200 000 personnes concernées

Conséquent, ce budget ne concerne donc que le secteur socio-éducatif, continuant d’exclure certains métiers du secteur social et médico-social. En effet, à deux reprises, Jean Castex a estimé à 200 000 les personnes concernées par ces mesures. « De quoi parle-t-on ? » s’interroge Xavier Deharo (CFE-CGC) « Si cette annonce ne concerne pas tout le monde, c’est inadmissible. » Un point de vue partagé par Ramon Vila (Sud Santé Sociaux) : « Au-delà de l’annonce qui peut satisfaire dans un premier temps, on va rester vigilants parce que le périmètre des catégories de personnels qui vont être concernées est flou. Il faut regarder à quoi ça correspond. »

Ali Laazaoui (CFTC) lui, salue ces avancées, mais regrette qu’une partie soit valorisée, à juste titre, quand l’autre ne l’est pas. « Dans une maison d’enfants, qu’on soit éducateur ou surveillant de nuit, cuisinier ou agent administratif, on a tous une fonction éducative auprès des jeunes que l’on accueille. » Selon les syndicats, les autorités ne comprennent pas qu’il faut revaloriser les salaires non pas en fonction du poste ou des compétences, mais bien du milieu dans lequel on travaille, parce qu’il impacte tous les employés sans distinction. D’après eux, si l’exclusion de certains travailleurs se répète, les tensions et les divisions vont s’exacerber au sein des établissements, mais aussi entre les structures sanitaires et sociales.

Ali Laazaoui voit dans la formation des managers une avancée notable, mais « est-ce que la qualité de vie au travail n’est reliée qu’au manager? » se demande-t-il. « D’autant que le management est un terme mal perçu. À l’époque, on disait, un éducateur chef, ça évoquait une relation particulière avec les cadres, maintenant on dit un chef de service, ça n’a pas le même sens. »

Communication politique

Enfin, Jean Castex a annoncé que les salaires de certains soignants oubliés du Ségur – médecins coordinateurs en Ephad, sages-femmes, personnels soignant de la protection maternelle et infantile, soignants des structures de prévention, de dépistage et d’accompagnement des personnes en grande difficulté sociale – seront « revalorisés à la hauteur des engagements prévus ». Pour Xavier Deharo (CFE-CGC), il s’agissait « d’une préoccupation depuis de longs mois ».
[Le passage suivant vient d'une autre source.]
(* Let $k \geq 1$ and $p \geq 1$ be integers, let $B \in \mathbb{R}^{N\times N}$, let $P \in \mathbb{R}^{N\times N}$ be a diagonal matrix whose diagonal entries are each $0$ or $1$, and let $y(t) = e^{tB}y^0$ be the solution of $y'(t) = B y(t)$ for some $y^0 \in \mathbb{R}^N$. Fix $t_n$ and $\Delta t > 0$. Apply one step of the LTS-AB$k$($p$) scheme (defined in the context) with exact input data $$y_{n-\ell} = y(t_n - \ell \Delta t), \quad \ell = 0,\dots,k-1, \qquad \widetilde y_{-j/p} = P\, y(t_n - j\Delta t/p), \quad j = 1,\dots,k-1,$$ producing $y_{n+1}$. Then the scheme is consistent of order $k$: there is a constant $C$ depending only on $k$, $p$, $B$, $P$ and $y^0$ (and on an upper bound for $|t_n|$) such that for all sufficiently small $\Delta t>0$, $$\| y_{n+1} - y(t_n + \Delta t)\| \leq C\, \Delta t^{k+1}.$$
   Context: Polynomials: for integer $j\ge 0$, $\gamma_j(\xi) = (-1)^j \int_0^{\xi} \binom{-s}{j}\, ds$ and $\widetilde\gamma_j(\xi) = \gamma_j'(\xi) = (-1)^j\binom{-\xi}{j} = \xi(\xi+1)\cdots(\xi+j-1)/j!$ (with $\widetilde\gamma_0\equiv 1$), where $\binom{x}{j} = x(x-1)\cdots(x-j+1)/j!$. Adams–Bashforth coefficients: $\alpha_\ell = (-1)^\ell \sum_{i=\ell}^{k-1}\binom{i}{\ell}\gamma_i(1)$, $\ell=0,\dots,k-1$ (the classical $k$-step Adams–Bashforth scheme is $y_{n+1} = y_n + \Delta t\, B\sum_{\ell=0}^{k-1}\alpha_\ell y_{n-\ell}$). LTS coefficients: $\beta_{m,\ell} = \sum_{i=0}^{k-1} \alpha_i \sum_{j=\ell}^{k-1} (-1)^\ell \binom{j}{\ell}\, \widetilde\gamma_j\!\left(\frac{m-i}{p}\right)$ for $m=0,\dots,p-1$, $\ell=0,\dots,k-1$. LTS-AB$k$($p$) step: set $\widetilde y_0 := y_n$ (the values $\widetilde y_{-j/p}$, $j=1,\dots,k-1$, are given inputs; note $\widetilde y_{-j/p}$ for $j \geq p$ refers to a past time $t_n - j\Delta t/p$ as well). For $m = 0,1,\dots,p-1$ compute $$\widetilde y_{(m+1)/p} = \widetilde y_{m/p} + \frac{\Delta t}{p}\, B(I-P)\sum_{\ell=0}^{k-1}\beta_{m,\ell}\, y_{n-\ell} + \frac{\Delta t}{p}\, BP\sum_{\ell=0}^{k-1}\alpha_\ell\, \widetilde y_{(m-\ell)/p},$$ and set $y_{n+1} := \widetilde y_1$. For $P=0$ or $p=1$ this reduces to the classical $k$-step Adams–Bashforth method. Here $I$ is the $N\times N$ identity and $\|\cdot\|$ any norm on $\mathbb{R}^N$. *)

From Stdlib Require Import Reals Lra Lia Arith.
Open Scope R_scope.

(* Vectors of R^N are represented as functions nat -> R (only components
   0..N-1 matter); N x N matrices as nat -> nat -> R (only entries < N matter). *)
Definition Vec := nat -> R.
Definition Mat := nat -> nat -> R.

Fixpoint rsum (n : nat) (f : nat -> R) : R :=
  match n with O => 0 | S n' => rsum n' f + f n' end.

Definition vadd (u v : Vec) : Vec := fun i => u i + v i.
Definition vsub (u v : Vec) : Vec := fun i => u i - v i.
Definition vscale (c : R) (v : Vec) : Vec := fun i => c * v i.
Definition vsum (n : nat) (f : nat -> Vec) : Vec := fun i => rsum n (fun l => f l i).
Definition matvec (N : nat) (A : Mat) (v : Vec) : Vec :=
  fun i => rsum N (fun j => A i j * v j).

(* generalized binomial coefficient binom(x,j) = x(x-1)...(x-j+1)/j! *)
Fixpoint gbinom (x : R) (j : nat) : R :=
  match j with
  | O => 1
  | S j' => gbinom x j' * (x - INR j') / INR (S j')
  end.

Lemma gbinom_cont (j : nat) : forall s, continuity_pt (fun s => gbinom (- s) j) s.
Proof.
  induction j as [|j IH]; intros s; simpl.
  - apply continuity_pt_const. intros a b; reflexivity.
  - unfold Rdiv.
    apply (continuity_pt_mult (fun s => gbinom (- s) j * (- s - INR j))
                              (fun _ => / INR (S j))).
    + apply (continuity_pt_mult (fun s => gbinom (- s) j) (fun s => - s - INR j)).
      * apply IH.
      * apply (continuity_pt_minus (fun s => - s) (fun _ => INR j)).
        -- apply (continuity_pt_opp (fun s => s)). apply derivable_continuous_pt, derivable_pt_id.
        -- apply continuity_pt_const. intros a b; reflexivity.
    + apply continuity_pt_const. intros a b; reflexivity.
Qed.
Malgré ce pas en avant, le flou laissé par Matignon sur les personnes concernées par la revalorisation salariale, évoquant tantôt « 200 000 professionnels », tantôt les « moniteurs, éducateurs spécialisés, accompagnateurs, etc », risque de laisser une nouvelle fois des employés de côté, et notamment le personnel travaillant avec les équipes soignantes et éducatives. « Leur idée est d’avancer au petit pas de charge et de revaloriser au compte-goutte, confie Ali Laazaoui (CFTC). Le ressenti est que ce geste résonne politiquement comme une annonce de campagne…même si ce sont les avancées qui comptent. » « C’est de la communication politique », résume-t-il, à demi amusé. Les syndicats en veulent pour preuve qu’ils n’ont été informés de la date et du lieu de ce Ségur que la veille de la conférence. Les tenants de cette communication ont d’ailleurs pris soin de réserver la veille aux médias la primeur des principales annonces, court-circuitant ainsi les syndicats. Un moyen efficace d’éviter une réaction hostile trop immédiate.